Advances in Photoelectrochemistry: Investigating the Use of GLAD Technique for Optimization of WOx Photoelectrodes in Sustainable Hydrogen Generation

Abstract

The urgent demand for sustainable energy technologies is amplified by the adverse environmental impacts of the intensive use of fossil fuels, particularly the increase in greenhouse gas emissions. In this scenario, photoelectrochemical (PEC) hydrogen production, which uses solar energy to catalyze the oxidation of water, is emerging as a viable alternative due to its potential efficiency and sustainability. However, improving the efficiency of this technology under visible light, while keeping costs under control, remains a challenge. Tungsten oxide (WO3), an n-type semiconductor, shows promise for overcoming these barriers due to its low cost, low toxicity, and effectiveness under visible light.
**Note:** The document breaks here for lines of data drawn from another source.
Lemma f_red_unimodal g : 0 <= g <= 1 -> exists r, 0 < r < 1/2 /\
  (forall x y, 0 <= x -> x < y -> y <= r -> f_red g x < f_red g y) /\
  (forall x y, r <= x -> x < y -> y <= 1/2 -> f_red g y < f_red g x).
Proof.
  intros Hg. destruct (f_slope_num_sign g Hg) as [r [Hr [Hpos Hneg]]].
  set (slope c := f_slope_num g c / f_den c ^ 2).
  assert (Hd : forall c, 0 <= c <= 1/2 -> is_derive (f_red g) c (slope c)).
  { intros c Hc. apply is_derive_f_red.
    pose proof (f_den_pos c ltac:(lra)). lra. }
  exists r. split; [exact Hr | split].
  - intros x y Hx Hxy Hy.
    apply (is_derive_pos_lt _ slope x y Hxy); [intros c Hc; apply Hd; lra |].
    intros c Hc. pose proof (f_den_pos c ltac:(lra)).
    apply Rdiv_lt_0_compat; [apply Hpos; lra | apply pow_lt; lra].
  - intros x y Hx Hxy Hy.
    apply (is_derive_neg_lt _ slope x y Hxy); [intros c Hc; apply Hd; lra |].
    intros c Hc. pose proof (f_den_pos c ltac:(lra)).
    apply Rdiv_neg_pos; [apply Hneg; lra | apply pow_lt; lra].
Qed.

Lemma f_red_continuity_pt g x : 0 <= x <= 1/2 -> continuity_pt (f_red g) x.
Proof.
  intros Hx. pose proof (f_den_pos x Hx).
  apply (continuity_pt_of_is_derive _ _ _ (is_derive_f_red g x ltac:(lra))).
Qed.

Lemma US_eq_f_red B C g M H : 0 < B -> 0 < M -> M < H ->
  US B C g M H = B / M * f_red g (M / (H + M)) - C.
Proof.
  intros HB HM HH. unfold US. cbv zeta.
  pose proof (alpha_bounds M H HM HH) as Ha.
  set (a := M / (H + M)) in *.
  assert (HHM : H + M = M / a) by (unfold a; field; lra).
  pose proof (b_den_pos a ltac:(lra)). pose proof (f_den_pos a ltac:(lra)).
  rewrite B_attacker_add_honest, B_honest_factor, HHM by lra.
  unfold f_red, f_num. field. repeat split; lra.
Qed.

Lemma US_factor B C g M H : 0 < B -> 0 < M -> M < H ->
  US B C g M H = B / M * (f_red g (M / (H + M)) - C * M / B).
Proof. intros HB HM HH. rewrite US_eq_f_red by lra. field. lra. Qed.

Lemma US_pos_iff B C g M H : 0 < B -> 0 < M -> M < H ->
  (0 < US B C g M H <-> C * M / B < f_red g (M / (H + M))).
Proof.
  intros HB HM HH. rewrite US_factor by lra.
  assert (0 < B / M) by (apply Rdiv_lt_0_compat; lra).
  split; intros; nra.
Qed.

Lemma US_zero_iff B C g M H : 0 < B -> 0 < M -> M < H ->
  (US B C g M H = 0 <-> f_red g (M / (H + M)) = C * M / B).
Proof.
  intros HB HM HH. rewrite US_factor by lra.
  assert (0 < B / M) by (apply Rdiv_lt_0_compat; lra).
  split; intros Heq.
  - apply Rmult_integral in Heq. lra.
  - rewrite Heq. ring.
Qed.
Lemma lt_aleph_omega_bigcup_ord T (F : nat -> set T) n :
  (forall i, lt_aleph_omega (F i)) -> lt_aleph_omega (\bigcup_(i < n) F i).
Proof.
move=> ltF; elim: n => [|n IH].
  by exists 0%N; apply: le_aleph_sub (le_aleph_set0 _ _) => x [].
apply: lt_aleph_omega_sub (lt_aleph_omega_setU IH (ltF n)) => x [i /ltnSE].
by rewrite leq_eqVlt => /orP[/eqP ->|ltin Fix]; [right | left; exists i].
Qed.

Lemma le_aleph_omega_sub T (S S' : set T) :
  S' `<=` S -> le_aleph_omega S -> le_aleph_omega S'.
Proof.
move=> S'S [lt [wo seg]]; exists lt; split; first exact: strict_wellorder_sub wo.
by move=> x /[dup] /S'S /seg ltS S'x; apply: lt_aleph_omega_sub ltS; apply: segment_sub.
Qed.

Lemma le_aleph_omega_bigcup T (F : nat -> set T) :
  (forall i, lt_aleph_omega (F i)) -> le_aleph_omega (\bigcup_i F i).
Proof.
move=> ltF.
have /choice[ltF' woF] : forall i, exists lt, strict_wellorder (F i) lt /\
    forall x, F i x -> lt_aleph_omega (segment (F i) lt x).
  move=> i; have [n /le_alephS[lt [wo seg]]] := ltF i.
  by exists lt; split => // x /seg; exists n.
have [lt [wo seg]] := strict_wellorder_bigcup (fun i => (woF i).1).
exists lt; split => // y [i _ Fiy]; apply: lt_aleph_omega_sub (seg i y Fiy) _.
by apply: lt_aleph_omega_setU; [exact: lt_aleph_omega_bigcup_ord | exact: (woF i).2].
Qed.

Lemma closure_image {T U : topologicalType} (f : T -> U) (E : set T) x :
  {for x, continuous f} -> closure E x -> closure (f @` E) (f x).
Proof.
move=> fx clE V /fx /clE[y [Ey Vfy]].
by exists (f y); split => //; exists y.
Qed.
Magnetron Sputtering and Glancing Angle Deposition (GLAD) techniques are employed to fabricate WO3 films, with GLAD allowing precise control over the nanostructure of the films, which is crucial for increasing the surface area and improving the microstructure, boosting the efficiency of PEC devices in hydrogen production. This project aims to optimize WO3 photoelectrodes through these advanced fabrication techniques, seeking an effective solution for hydrogen generation through PEC processes, in line with global needs for cleaner and more sustainable energy sources.